Content starts
(* For all $g,g'\in G$: (i) $\langle go,g\omega_-\rangle=H(gr)=-\langle g^{-1}o,\omega_-\rangle$; (ii) $H(g'g)=H(g)+\langle g'o,g'g\omega_+\rangle$; (iii) $H(g'gr)=H(gr)+\langle g'o,g'g\omega_-\rangle$.
   Context: Let $q\ge2$ and $\mathfrak G$ the $(q+1)$-regular tree with vertex set $\mathfrak X$ and graph distance $d$; $\Omega$ is its boundary (infinite non-backtracking edge chains modulo eventual equality up to shift), $[x,\omega)$ the geodesic ray from $x$ to $\omega$. Fix a vertex $o$ and $\omega_-\neq\omega_+\in\Omega$ such that $o$ lies on the geodesic $]\omega_-,\omega_+[$. Horocycle bracket: $\langle x,\omega\rangle=d(o,y)-d(x,y)$ where $[o,\omega)\cap[x,\omega)=[y,\omega)$. $G=\mathrm{Aut}(\mathfrak G)$, $K=\mathrm{Stab}_G(o)$, $B_{\omega_+}=\{g\in G:g\omega_+=\omega_+,\ g\text{ fixes some vertex}\}$, and $\tau\in G$ a fixed automorphism with $\tau\omega_\pm=\omega_\pm$ translating $]\omega_-,\omega_+[$ by one step towards $\omega_+$. Every $g\in G$ can be written $g=kn\tau^j$ with $k\in K$, $n\in B_{\omega_+}$, and $j=:H(g)\in\mathbb Z$ unique. $r\in K$ is a fixed element with $r^2=\mathrm{id}$ and $r\tau^jr^{-1}=\tau^{-j}$ for all $j\in\mathbb Z$. *)

From Stdlib Require Import ZArith List ClassicalEpsilon.
Set Implicit Arguments.

Section Tree.
Variables (X : Type) (adj : X -> X -> Prop).

Inductive walk : nat -> X -> X -> Prop :=
| walk0 x : walk 0 x x
| walkS n x y z : adj x y -> walk n y z -> walk (S n) x z.

Definition is_dist (x y : X) (n : nat) : Prop :=
  walk n x y /\ forall m, walk m x y -> n <= m.
Definition dist (x y : X) : nat := epsilon (inhabits 0) (is_dist x y).

Definition is_regular_tree (q : nat) : Prop :=
  (forall x y, adj x y -> adj y x) /\
  (forall x, ~ adj x x) /\
  (forall x y, exists n, walk n x y) /\
  (forall (n : nat) (p : nat -> X), 1 <= n ->
     (forall i, i < n -> adj (p i) (p (S i))) ->
     (forall i, S (S i) <= n -> p (S (S i)) <> p i) ->
     p 0 <> p n) /\
  (forall x, exists l : list X,
     length l = S q /\ NoDup l /\ forall y, adj x y <-> In y l).

(* infinite non-backtracking chains (rays); boundary points are rays
   modulo [ray_equiv] (eventual equality up to shift) *)
Definition is_ray (r : nat -> X) : Prop :=
  forall n, adj (r n) (r (S n)) /\ r (S (S n)) <> r n.
Definition ray_equiv (r s : nat -> X) : Prop :=
  exists k m, forall n, r (n + k) = s (n + m).

Definition geod_ray (x : X) (w r : nat -> X) : Prop :=
  is_ray r /\ r 0 = x /\ ray_equiv r w.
Content ends
**WORK TO BE COMPLETED**
In the records, which lines mention the word "Definition"? Copy those lines.

**WRITTEN ANSWER**
Definition is_dist (x y : X) (n : nat) : Prop :=
Definition dist (x y : X) : nat := epsilon (inhabits 0) (is_dist x y).
Definition is_regular_tree (q : nat) : Prop :=
Definition is_ray (r : nat -> X) : Prop :=
Definition ray_equiv (r s : nat -> X) : Prop :=
Definition geod_ray (x : X) (w r : nat -> X) : Prop :=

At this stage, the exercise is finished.